Ladies Of the Dark
This article is from the archive of The New York Sun before the launch of its new website in 2022. The Sun has neither altered nor updated such articles but will seek to correct any errors, mis-categorizations or other problems introduced during transfer.
The advent of the DVD has unleashed a continual stream of classic film noir re-issues, starring actors like Humphrey Bogart and Joan Crawford, and directed by talents like Orson Welles and Billy Wilder. But with Kino’s “Film Noir: Five Classics From the Studio Vaults,” we’re getting down to the mucky sediment on the bottom with B-list stars and Z-grade budgets — movies that were churned out quickly to capitalize on current events and meant to fill the back sides of double bills.

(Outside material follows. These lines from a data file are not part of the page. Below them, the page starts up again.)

Lemma fully_invariant_retract_lift (H : {group aT}) :
    H \subset A -> fully_invariant A H ->
  fully_invariant (setX A C) (retract_lift H).
Proof.
move=> sHA fiH th thM thAC.
have th_lift (m : aT -> aT * cT) :
    {in A &, {morph m : a b / a * b}} -> {in A, forall a, m a \in setX A C} ->
  {in H, forall h, th (m h) \in retract_lift H}.
- move=> mM mAC h Hh; have thmAC a : a \in A -> th (m a) \in setX A C.
    by move=> Aa; apply/thAC/mAC.
  have thmA a : a \in A -> (th (m a)).1 \in A by move/thmAC; rewrite inE => /andP[].
  have thmC a : a \in A -> (th (m a)).2 \in C by move/thmAC; rewrite inE => /andP[].
  have fstM : {in A &, {morph (fun a => (th (m a)).1) : a b / a * b}}.
    by move=> a b Aa Ab; rewrite /= mM // thM ?mAC.
  have sndM : {in A &, {morph (fun a => phi (th (m a)).2) : a b / a * b}}.
    by move=> a b Aa Ab; rewrite /= mM // thM ?mAC // -morphM ?thmC.
  have := fiH _ sndM (fun a Aa => phiA (thmC a Aa)) h Hh.
  have := fiH _ fstM thmA h Hh.
  have := thmC h (subsetP sHA h Hh).
  by case: (th (m h)) => a c /= Cc Ha Hphic; rewrite mem_retract_lift Ha Cc.
move=> [a c]; rewrite mem_retract_lift => /and3P[Ha Cc Hphic].
have Aa := subsetP sHA a Ha.
have -> : (a, c) = (a, 1) * (1, psi (phi c)).
  by rewrite -[RHS]/(a * 1, 1 * _) mulg1 mul1g psiK.
have ACa1 : (a, 1) \in setX A C by rewrite in_setX Aa group1.
have AC1c : (1, psi (phi c)) \in setX A C by rewrite in_setX group1 psiC ?phiA.
rewrite thM //; apply: groupM.
  apply: (th_lift _ (in2W (@pairg1_morphM aT cT)) _ a Ha) => b Ab.
  by rewrite in_setX Ab group1.
have m1M : {in A &, {morph (fun b => (1 : aT, psi b)) : b1 b2 / b1 * b2}}.
  by move=> b1 b2 Ab1 Ab2; rewrite /= psiM // -[RHS]/(1 * 1, _) mulg1.
apply: (th_lift _ m1M _ (phi c) Hphic) => b Ab.
by rewrite in_setX group1 psiC.
Qed.

Lemma retract_lift_char (H : {group aT}) :
  fully_invariant A H -> H \char A -> retract_lift H \char setX A C.
Proof.
move=> fiH chH; have sHA := char_sub chH.
apply: fully_invariant_char; last exact: fully_invariant_retract_lift.
by rewrite setXS ?morphpre_sub.
Qed.

Definition retract_slice (K : {group aT * cT}) : {group aT} :=
  (pairg1 cT @*^-1 K)%G.

Lemma mem_retract_slice K a : (a \in retract_slice K) = ((a, 1) \in K).
Proof. by rewrite !inE. Qed.

Hypotheses (abA : abelian A) (oddA : odd #|A|).

Section CharacteristicSlice.
Variable K : {group aT * cT}.
Hypothesis chK : K \char setX A C.

Let memKAC a c : (a, c) \in K -> a \in A /\ c \in C.
Proof. by move/(subsetP (char_sub chK)); rewrite in_setX => /andP. Qed.

Lemma retract_slice_char : retract_slice K \char A.
Proof.
apply: aut_invariant_char => [|f injf fA a].
  by apply/subsetP => a; rewrite mem_retract_slice => /memKAC[].
have fAA b : b \in A -> f b \in A by move=> Ab; rewrite -[in X in _ \in X]fA mem_morphim.
rewrite !mem_retract_slice => Ka1.
pose u (k : aT * cT) := (f k.1, k.2).
have uM : {in setX A C &, {morph u : k l / k * l}}.
  apply: pair_morphM => // -[b c] [b' c'].
  by rewrite !in_setX => /andP[Ab _] /andP[Ab' _] /=; rewrite morphM.
have uAC : {in setX A C, forall k, u k \in setX A C}.
  by move=> [b c]; rewrite !in_setX => /andP[/fAA-> ->].
have u1 : {in setX A C, forall k, u k = 1 -> k = 1}.
  move=> [b c]; rewrite in_setX => /andP[Ab _] [fb1 ->]; congr (_, _).
  by apply: (injmP injf) => //; rewrite fb1 morph1.
exact: char_injective_endo chK uM uAC u1 _ Ka1.
Qed.

Lemma char_retract_swap a c : (a, c) \in K ->
  (a * (phi (psi a))^-1 * phi c, psi a) \in K.
Proof.
pose sw (k : aT * cT) := (k.1 * (phi (psi k.1))^-1 * phi k.2, psi k.1).
have AC_A (k : aT * cT) : k \in setX A C -> k.1 \in A by rewrite inE => /andP[].
have AC_C (k : aT * cT) : k \in setX A C -> k.2 \in C by rewrite inE => /andP[].
have phipsiA k : k \in setX A C -> phi (psi k.1) \in A by move/AC_A/psiC/phiA.
have phipsiM :
    {in setX A C &, {morph (fun k : aT * cT => (phi (psi k.1))^-1) : k l / k * l}}.
  apply: (abelian_morphM_inv abA phipsiA) => k l /AC_A Ak /AC_A Al.
  by rewrite /= psiM // morphM ?psiC.
have sw1M :
    {in setX A C &, {morph (fun k : aT * cT => k.1 * (phi (psi k.1))^-1) : k l / k * l}}.
  apply: (abelian_morphM_mul (f := fun k : aT * cT => k.1) abA AC_A) => // k /phipsiA.
  by rewrite groupV.
have phiM : {in setX A C &, {morph (fun k : aT * cT => phi k.2) : k l / k * l}}.
  by move=> k l /AC_C Ck /AC_C Cl; rewrite /= morphM.
have swM : {in setX A C &, {morph sw : k l / k * l}}.
  apply: pair_morphM => [|k l /AC_A Ak /AC_A Al]; last exact: psiM.
  apply: (abelian_morphM_mul abA _ _ sw1M phiM) => [k ACk|k /AC_C/phiA //].
  by rewrite groupM ?groupV ?AC_A ?phipsiA.
apply: (char_injective_endo (u := sw) chK swM) => [[b d]|[b d]].
  by rewrite !in_setX => /andP[Ab Cd] /=; rewrite psiC ?groupM ?groupV ?phiA ?psiC.
rewrite in_setX => /andP[Ab Cd] [eq1 eq2]; rewrite eq2 morph1 invg1 mulg1 in eq1.
have eb : b = (phi d)^-1 by apply: (mulIg (phi d)); rewrite mulVg.
have d1 : d = 1.
  by apply: invg_inj; rewrite invg1 -[d^-1]psiK ?groupV // morphV // -eb.
by rewrite eb d1 morph1 invg1.
Qed.

Lemma mem_retract_slice_pair a c : (a, c) \in K -> a \in retract_slice K.
Proof.
move=> Kac; have [Aa _] := memKAC Kac.
have inv1M : {in setX A C &, {morph (fun k : aT * cT => (k.1^-1, k.2)) : k l / k * l}}.
  apply: pair_morphM => // -[b d] [b' d']; rewrite !in_setX => /andP[Ab _] /andP[Ab' _].
  by rewrite /= invMg (centsP abA) ?groupV.
have Kac' : (a^-1, c) \in K.
  apply: (char_injective_endo chK inv1M _ _ Kac) => [[b d]|[b d]].
    by rewrite !in_setX groupV.
  by rewrite in_setX => /andP[Ab _] [/eqP]; rewrite invg_eq1 => /eqP-> ->.
apply: mem_sqrg_odd (dvdn_odd (order_dvdG Aa) oddA) _.
have := groupM Kac (groupVr Kac').
by rewrite -[_ * _]/(a * a^-1^-1, c * c^-1) invgK mulgV mem_retract_slice expgS expg1.
Qed.

Lemma retract_lift_slice : retract_lift (retract_slice K) = K.
Proof.
apply/val_inj/setP => -[a c]; rewrite mem_retract_lift !mem_retract_slice.
apply/and3P/idP => [[Ka1 Cc Kphic1] | Kac].
  have := char_retract_swap Kphic1; rewrite psiK // morph1 mulgV mul1g => K1c.
  have -> : (a, c) = (a, 1) * (1, c) by rewrite -[RHS]/(a * 1, 1 * c) mulg1 mul1g.
  exact: groupM.
have Ka1 := mem_retract_slice_pair Kac; rewrite mem_retract_slice in Ka1.
have K1c : (1, c) \in K.
  have -> : (1, c) = (a, 1)^-1 * (a, c).
    by rewrite -[RHS]/(a^-1 * a, 1^-1 * c) mulVg invg1 mul1g.
  by rewrite groupM ?groupV.
have [_ Cc] := memKAC Kac.
have := char_retract_swap K1c; rewrite (in_morph1 psiM) morph1 invg1 !mul1g.
by rewrite Ka1 Cc => ->.
Qed.

End CharacteristicSlice.

Hypothesis charA_fully_invariant :
  forall H : {group aT}, H \char A -> fully_invariant A H.

Theorem retract_char_lattice_iso : char_lattice_iso A (setX A C)%G.
Proof.
exists retract_lift; split=> [H1 H2 _ _ | ]; first exact: retract_lift_subset.
apply/setP=> K; rewrite inE; apply/imsetP/idP => [[H] | chK].
  by rewrite inE => chH ->; apply: retract_lift_char (charA_fully_invariant chH) chH.
by exists (retract_slice K); rewrite ?inE ?retract_slice_char ?retract_lift_slice.
Qed.

End RetractProduct.

Unset Implicit Arguments.

Theorem mainTheorem8 (p n : nat) (lam : 'I_n -> nat)
    (gT : finGroupType) (G : {group gT}) (x : 'I_n -> gT) (i : 'I_n) :
  prime p -> p != 2 ->
  (forall j, 0 < lam j) ->
  (forall j k : 'I_n, j <= k -> lam j <= lam k) ->
  (forall j, #[x j] = (p ^ lam j)%N) ->
  \big[dprod/1]_(j < n) <[x j]> = G ->
  char_lattice_iso G (setX G (Zp (p ^ lam i)%N))%G.
Proof.
move=> pP p_neq2 _ _ ox defG.
have p_odd : odd p by case: (even_prime pP) => // p2; rewrite p2 in p_neq2.
have pG : p.-group G.
  rewrite /pgroup -(bigdprod_card defG); apply: (big_ind (pnat p)) => // [m1 m2|j _].
    by rewrite pnatM => ->.
  by rewrite -orderE ox pnatX pnat_id.
have Xi : <[x i]> \subset G := cycle_sub_dprod defG i.
rewrite -(ox i); apply: (retract_char_lattice_iso (phi := Zpm (a := x i))
  (psi := fun y => invm (injm_Zpm (x i)) (cycle_proj x i y))).
- by move=> c _; rewrite (subsetP Xi) ?mem_cycle.
- move=> y Gy /=; have : cycle_proj x i y \in Zpm @* Zp #[x i].
    by rewrite im_Zpm (mem_cycle_proj defG).
  by case/morphimP=> c _ Zc ->; rewrite invmE.
- move=> y z Gy Gz /=; rewrite (cycle_projM defG) // morphM //= im_Zpm;
  exact: (mem_cycle_proj defG).
- by move=> c Zc /=; rewrite cycle_proj_id ?invmE ?mem_cycle.
- exact: abelian_cycle_dprod defG.
- exact: odd_pgroup_odd p_odd pG.
move=> H chH; exact: (char_fully_invariant defG pP p_odd pG chH).
Qed.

The stars and the budgets were smaller, and, as if to compensate, the directors became even crueler, which makes watching four of these five movies as deliciously painful as swallowing a fistful of razor blades.
The most sadistic is Fritz Lang’s “Scarlet Street” (1945), about a henpecked bank clerk, Christopher Cross (Edward G. Robinson), who rescues a hooker named Kitty (Joan Bennett) from her pimp in a spontaneous act of assertiveness. This being film noir, his good deed is thoroughly punished; the more he breaks out of his shell, the further he slides into a shadowy swamp of sex and sin.

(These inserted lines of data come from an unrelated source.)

(* For every integer $n\geq 5$, $AR(n,C_3\cup P_2)=\max\{n+1,\,7\}$, where $C_3\cup P_2$ is the vertex-disjoint union of a triangle and a single edge. *)

From mathcomp Require Import all_boot.
Set Implicit Arguments. Unset Strict Implicit. Unset Printing Implicit Defensive.

(* An edge-colouring of the complete graph K_n (vertex set 'I_n) using exactly
   k colours: c u v is the colour of the edge uv (only u != v is meaningful),
   c is symmetric, and every colour of 'I_k is used on some edge. *)
Definition edge_coloring (n k : nat) (c : 'I_n -> 'I_n -> 'I_k) : Prop :=
  (forall u v, c u v = c v u) /\
  (forall i : 'I_k, exists u v : 'I_n, u != v /\ c u v = i).

Definition has_rainbow_C3P2 (n k : nat) (c : 'I_n -> 'I_n -> 'I_k) : Prop :=
  exists a b x d e : 'I_n,
    uniq [:: a; b; x; d; e] /\ uniq [:: c a b; c b x; c x a; c d e].

(* AR(n, C_3 \cup P_2) = m  iff  m - 1 is the maximum number of colours in an
   edge-colouring of K_n with no rainbow C_3 \cup P_2 (so m is the least number
   of colours forcing a rainbow copy). *)
Definition AR_C3P2_is (n m : nat) : Prop :=
  (exists k (c : 'I_n -> 'I_n -> 'I_k),
      k.+1 = m /\ edge_coloring c /\ ~ has_rainbow_C3P2 c) /\
  (forall k (c : 'I_n -> 'I_n -> 'I_k),
      edge_coloring c -> ~ has_rainbow_C3P2 c -> k.+1 <= m).

From mathcomp Require Import all_boot zify.
Set Implicit Arguments. Unset Strict Implicit. Unset Printing Implicit Defensive.

(* Lower bound: for n >= 6 the star colouring of K_n (the edge ou gets the
   colour u for a fixed centre o, every other edge the colour o) uses n
   colours, and for n = 5 an explicit 6-colouring of K_5 is checked by
   computation; neither contains a rainbow C_3 ∪ P_2.

   Upper bound: writing cols S for the colours inside a vertex set S, a
   colouring without rainbow copy satisfies |cols S| <= max(|S|, 6) for
   |S| >= 5, by induction on |S|.  If some vertex v carries at most one
   private colour (a colour of S absent from S \ v) we delete v; otherwise
   every vertex has two private colours and a rainbow copy is built by hand
   (rainbow_of_private_pairs).  The base cases |S| = 5 and |S| = 6 are
   settled by an exhaustive search over colourings of K_5 and K_6, taken up
   to renaming of colours, whose soundness is proved first. *)

Section Copies.
Variable m : nat.

(* The edges of K_m, as pairs i < j < m in lexicographic order; edges are
   referred to by their position in this list. *)
Definition edges := [seq (i, j) | i <- iota 0 m, j <- iota i.+1 (m - i.+1)].
Definition edge_id i j := index (minn i j, maxn i j) edges.

Definition copy_edges (t : seq nat) :=
  [:: edge_id (nth 0 t 0) (nth 0 t 1); edge_id (nth 0 t 1) (nth 0 t 2);
      edge_id (nth 0 t 2) (nth 0 t 0); edge_id (nth 0 t 3) (nth 0 t 4)].

Fixpoint tuples l :=
  if l is l'.+1 then [seq x :: t | x <- iota 0 m, t <- tuples l'] else [:: [::]].

Definition copies := undup [seq sort leq (copy_edges t) | t <- tuples 5 & uniq t].

Definition last_edge (cf : seq nat) := foldr maxn 0 cf.

(* Entry p lists the copies whose last edge is p: they are checked as soon as
   edge p has been coloured. *)
Definition copies_by_last :=
  [seq [seq cf <- copies | last_edge cf == p] | p <- iota 0 (size edges)].

Lemma mem_edges i j : i < j < m -> (i, j) \in edges.
Proof.
move=> /andP [hij hjm].
apply: (@allpairs_f_dep _ (fun _ => nat) _ pair); rewrite !mem_iota /=; lia.
Qed.

Lemma mem_edge_id i j : i < m -> j < m -> i != j -> (minn i j, maxn i j) \in edges.
Proof. by move=> hi hj hij; apply: mem_edges; move: hij; rewrite neq_ltn; lia. Qed.

Lemma edges_lt e : e \in edges -> e.1 < e.2 < m.
Proof.
case/allpairsPdep => i [j [hi hj ->]]; move: hi hj; rewrite !mem_iota /=; lia.
Qed.

Lemma mem_tuples l t : t \in tuples l -> size t = l /\ all (fun x => x < m) t.
Proof.
elim: l t => [|l IH] t /=; first by rewrite inE => /eqP ->.
case/allpairsP => -[x t'] [/= hx ht' ->]; have [hs ha] := IH _ ht'.
by rewrite /= hs ha andbT; move: hx; rewrite mem_iota.
Qed.

Lemma last_edge_max cf p : p \in cf -> p <= last_edge cf.
Proof. by elim: cf => //= q cf IH; rewrite inE => /orP [/eqP ->|/IH]; lia. Qed.
End Copies.

(* Colourings are enumerated up to renaming of
   the colours: the label of edge i is i if its colour is new, and otherwise
   the first edge of its colour (so labels are "roots").  The search extends a
   label prefix p, where roots lists the labels used so far, and prunes as soon
   as a copy becomes rainbow, a forbidden label 0 appears (forb i means edge i
   must not share the colour of edge 0), or K colours can no longer be reached. *)
Section Search.
Variables (K : nat) (tab : seq (seq (seq nat))) (forb : seq bool).

Definition last_ok (p : seq nat) :=
  all (fun cf => ~~ uniq [seq nth 0 p i | i <- cf]) (nth [::] tab (size p).-1).

(* A short-circuiting has, so that evaluation in the virtual machine stops at
   the first successful branch. *)
Fixpoint lazy_has (f : nat -> bool) (s : seq nat) :=
  if s is x :: s' then if f x then true else lazy_has f s' else false.

Lemma lazy_hasE f s : lazy_has f s = has f s.
Proof. by elim: s => //= x s ->; case: (f x). Qed.

Fixpoint search (fuel : nat) (p roots : seq nat) : bool :=
  match fuel with
  | 0 => K <= size roots
  | f.+1 =>
    if K <= size roots + fuel then
      lazy_has (fun l =>
        if (l == 0) && nth false forb (size p) then false else
        if last_ok (rcons p l) then
          search f (rcons p l) (if l == size p then l :: roots else roots)
        else false) (size p :: roots)
    else false
  end.

Lemma searchS f p r : search f.+1 p r =
  (K <= size r + f.+1) &&
  has (fun l => [&& ~~ ((l == 0) && nth false forb (size p)), last_ok (rcons p l) &
                  search f (rcons p l) (if l == size p then l :: r else r)])
      (size p :: r).
Proof.
cbn [search]; rewrite lazy_hasE; case: (K <= _) => //; apply: eq_has => l.
by case: (_ && _); case: (last_ok _).
Qed.
End Search.

Section SearchComplete.
Variables (m K : nat) (L : seq nat) (forb : seq bool).
Let N := size (edges m).
Hypothesis L_size : size L = N.
Hypothesis L_roots : forall i, i < N ->
  nth 0 L i = i \/ (nth 0 L i < i /\ nth 0 L (nth 0 L i) = nth 0 L i).
Hypothesis L_no_rainbow : forall cf, cf \in copies m -> last_edge cf < N ->
  ~~ uniq [seq nth 0 L i | i <- cf].
Hypothesis L_many : K <= size (undup L).
Hypothesis L_forb : forall i, i < N -> nth false forb i -> nth 0 L i != 0.

Fixpoint roots_upto i :=
  if i is i'.+1 then (if nth 0 L i' == i' then i' :: roots_upto i' else roots_upto i')
  else [::].

Lemma mem_roots_upto i x : (x \in roots_upto i) = (x < i) && (nth 0 L x == x).
Proof.
elim: i => [|i IH] /=; first by rewrite in_nil.
have lt_neq y : y != i -> (y < i.+1) = (y < i) by move=> hy; rewrite ltnS leq_eqVlt (negbTE hy).
case h: (nth 0 L i == i); rewrite ?inE IH;
  case: (eqVneq x i) => [->|hxi] /=; rewrite ?ltnSn ?ltnn ?h ?lt_neq //.
Qed.

Lemma size_roots_upto i d : size (roots_upto (i + d)) <= size (roots_upto i) + d.
Proof. by elim: d => [|d IH]; rewrite ?addn0 // addnS /=; case: ifP => _ /=; lia. Qed.

Lemma undup_roots : size (undup L) <= size (roots_upto N).
Proof.
apply: uniq_leq_size; first exact: undup_uniq.
move=> x; rewrite mem_undup => /(nthP 0) [j hj <-]; rewrite L_size in hj.
rewrite mem_roots_upto; case: (L_roots hj) => [e|[h1 ->]]; first by rewrite e hj e eqxx.
by rewrite eqxx andbT (ltn_trans h1 hj).
Qed.

Lemma last_ok_prefix i : i < N -> last_ok (copies_by_last m) (take i.+1 L).
Proof.
move=> hi; rewrite /last_ok size_takel ?L_size //= /copies_by_last.
rewrite (nth_map 0) ?size_iota // nth_iota // add0n.
apply/allP => cf; rewrite mem_filter => /andP [/eqP hlast hcf].
rewrite (eq_in_map _ (nth 0 L) cf).1 ?L_no_rainbow ?hlast // => j hj.
by rewrite nth_take //; have := last_edge_max hj; lia.
Qed.

Lemma search_prefix d i : i + d = N ->
  search K (copies_by_last m) forb d (take i L) (roots_upto i).
Proof.
elim: d i => [|d IH] i hid.
  by move: hid; rewrite addn0 => ->; exact: leq_trans L_many undup_roots.
have hi : i < N by lia.
rewrite searchS; apply/andP; split.
  by apply: leq_trans L_many _; apply: leq_trans undup_roots _; rewrite -hid size_roots_upto.
apply/hasP; exists (nth 0 L i).
  rewrite inE size_take L_size hi mem_roots_upto.
  by case: (L_roots hi) => [->|[h1 h2]]; rewrite ?eqxx // h1 h2 eqxx orbT.
rewrite size_take L_size hi -take_nth ?L_size // last_ok_prefix //.
have -> : ~~ ((nth 0 L i == 0) && nth false forb i).
  by case hf: (nth false forb i); rewrite ?andbF ?andbT // L_forb.
have -> : (if nth 0 L i == i then nth 0 L i :: roots_upto i else roots_upto i) =
    roots_upto i.+1 by rewrite /=; case: eqP => // ->.
by apply: IH; lia.
Qed.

These films generally made their women the stars of the show, and Kitty, whether she’s forcing Christopher to kneel at her feet or getting an ice pick in the face, is both this movie’s villain and its victim. Bennett, who secured her place as a queen of noir femmes fatales with Lang in 1941’s “Man Hunt” and 1944’s “Woman in the Window,” had an equally double-edged life, sticking by her husband, the producer Walter Wanger, for 14 years after he shot her agent in the groin when he discovered the two were having an affair. Bennett’s loyalty, if you want to call it that, effectively ended her screen career.

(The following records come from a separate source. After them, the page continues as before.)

(* Let $S$ be a Hausdorff countably compact topological semigroup which is algebraically a primitive inverse semigroup. Then the inversion $x\mapsto x^{-1}$ on $S$ is continuous if and only if every maximal subgroup of $S$ (with the subspace topology) is a topological group.
   Context: A topological semigroup is a Hausdorff space with jointly continuous associative operation. A semigroup is inverse if every $x$ has a unique $y=x^{-1}$ with $xyx=x$, $yxy=y$; it is primitive inverse if it is non-trivial, inverse, has a zero and all non-zero idempotents are minimal among non-zero idempotents in the natural order. A maximal subgroup is a maximal subgroup of $S$ containing a given idempotent. *)

From Stdlib Require Import Arith.

Set Implicit Arguments.

Record topology (X : Type) := Topology {
  is_open : (X -> Prop) -> Prop;
  open_full : is_open (fun _ => True);
  open_empty : is_open (fun _ => False);
  open_inter : forall U V, is_open U -> is_open V -> is_open (fun x => U x /\ V x);
  open_union : forall (I : Type) (F : I -> X -> Prop),
      (forall i, is_open (F i)) -> is_open (fun x => exists i, F i x)
}.

Definition hausdorff {X} (T : topology X) : Prop :=
  forall x y : X, x <> y ->
    exists U V, is_open T U /\ is_open T V /\ U x /\ V y /\
                (forall z, U z -> V z -> False).

(* Countably compact: every countable open cover has a finite subcover.
   Countable covers are indexed by nat (repetitions allowed). *)
Definition countably_compact {X} (T : topology X) : Prop :=
  forall U : nat -> X -> Prop,
    (forall n, is_open T (U n)) ->
    (forall x, exists n, U n x) ->
    exists N, forall x, exists n, n <= N /\ U n x.

(* Continuity, stated for arbitrary families of open sets (so that it
   applies directly to product and subspace topologies below). *)
Definition continuous_wrt {X Y} (OX : (X -> Prop) -> Prop) (OY : (Y -> Prop) -> Prop)
  (f : X -> Y) : Prop :=
  forall W, OY W -> OX (fun x => W (f x)).

Definition continuous {X Y} (TX : topology X) (TY : topology Y) (f : X -> Y) : Prop :=
  continuous_wrt (is_open TX) (is_open TY) f.

Definition prod_open {X Y} (OX : (X -> Prop) -> Prop) (OY : (Y -> Prop) -> Prop)
  (W : X * Y -> Prop) : Prop :=
  forall p, W p -> exists U V, OX U /\ OY V /\ U (fst p) /\ V (snd p) /\
     (forall a b, U a -> V b -> W (a, b)).

Definition sub_open {X} (T : topology X) (P : X -> Prop) (V : {x | P x} -> Prop) : Prop :=
  exists U, is_open T U /\ forall z, V z <-> U (proj1_sig z).

Section Semigroup.
Context {S : Type} (mul : S -> S -> S).

Definition associative : Prop := forall x y z, mul x (mul y z) = mul (mul x y) z.

Definition topological_semigroup (T : topology S) : Prop :=
  hausdorff T /\ associative /\
  continuous_wrt (prod_open (is_open T) (is_open T)) (is_open T)
    (fun p => mul (fst p) (snd p)).

Definition inverse_semigroup : Prop :=
  associative /\
  forall x, exists! y, mul (mul x y) x = x /\ mul (mul y x) y = y.

Definition idempotent (e : S) : Prop := mul e e = e.

Definition is_zero (z : S) : Prop := forall x, mul z x = z /\ mul x z = z.

Definition idem_le (f e : S) : Prop := f = mul e f /\ f = mul f e.

Definition primitive_inverse_semigroup : Prop :=
  inverse_semigroup /\
  exists z, is_zero z /\ (exists x, x <> z) /\
    forall e f, idempotent e -> idempotent f -> e <> z -> f <> z ->
      idem_le f e -> f = e.

Definition is_subgroup (G : S -> Prop) (e : S) : Prop :=
  G e /\
  (forall x y, G x -> G y -> G (mul x y)) /\
  (forall x, G x -> mul e x = x /\ mul x e = x) /\
  (forall x, G x -> exists y, G y /\ mul x y = e /\ mul y x = e).

Definition maximal_subgroup (G : S -> Prop) (e : S) : Prop :=
  is_subgroup G e /\
  forall (G' : S -> Prop) (e' : S), is_subgroup G' e' ->
    (forall x, G x -> G' x) -> forall x, G' x -> G x.

Definition topological_subgroup (T : topology S) (G : S -> Prop) (e : S) : Prop :=
  exists (m : {x | G x} -> {x | G x} -> {x | G x}) (i : {x | G x} -> {x | G x}),
    (forall a b, proj1_sig (m a b) = mul (proj1_sig a) (proj1_sig b)) /\
    (forall a, mul (proj1_sig a) (proj1_sig (i a)) = e /\
               mul (proj1_sig (i a)) (proj1_sig a) = e) /\
    continuous_wrt (prod_open (sub_open T G) (sub_open T G)) (sub_open T G)
      (fun p => m (fst p) (snd p)) /\
    continuous_wrt (sub_open T G) (sub_open T G) i.

End Semigroup.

Another long-suffering actress, Valerie Hobson, stars in 1940’s “Contraband,” the least vulgar and least interesting film in the set. Ms. Hobson gave up acting to marry the British politician John Profumo, whose affair with a hooker helped topple the Conservative government in 1963. Nevertheless, Ms. Hobson stood by her husband until the end of his life, having honed her ability to manage her gag reflex in “Contraband,” in which she’s romantically paired with Conrad Veidt, almost 25 years her senior and looking like a withered cadaver. The film is a limp warning to Europe’s northern nations about the price of their neutrality in the fight against the Nazis, but it’s a posh thriller that derives most of its tension from Veidt’s passion to ensure that his comrades are dressed appropriately for a raid on a nest of Nazi spies. “Remember,” he instructs them, “white ties.”
No one’s wearing white ties in Alberto Cavalcanti’s “They Made Me a Fugitive,” one of the best and bleakest of the British postwar noir wave. Clem (Trevor Howard), an alcoholic war hero, hits hard times and becomes a henchman for Narcy (Griffith Jones), a black-marketer who’s smuggling dope into Britain via coffins. Shockingly brutal, this film gets extra credit for never glossing over the reality of a gang moll’s life: These women may be street-smart and spunky, but any man is strong enough to slap the pep out of them when the mood strikes. It’s appalling to watch Narcy use his fists to sift his gal’s face for clues as to Clem’s whereabouts, reducing the previously bright-eyed young woman to a catatonic shell.
Anthony Mann’s campy “Strange Impersonation” (1946) is all about the female face: Acid is thrown in it, it is reshaped by plastic surgery, and it is damaged considerably when women dive from tall buildings. But female faces are completely absent from the one film noir in the new Kino set directed by a woman: Ida Lupino’s “The Hitch-Hiker” (1953). Based on the real-life case of hitchhiking serial killer Billy Cook, the movie is a near-silent nightmare about two family men kidnapped while on a fishing trip to Mexico.
Lurid as a county fair freak show, “The Hitch-Hiker” is strong medicine from a time when movies were only 70 minutes long and women got a chance to be actors and directors as opposed to sex objects deployed to capture a key demographic.
When kill-crazy Billy Cook was finally arrested in real life, all he had to say was, “I hate everybody’s guts, and everybody hates mine.” It’s a fitting epitaph for a genre of movies that were incredibly kind to actresses and incredibly cruel to the characters they portrayed.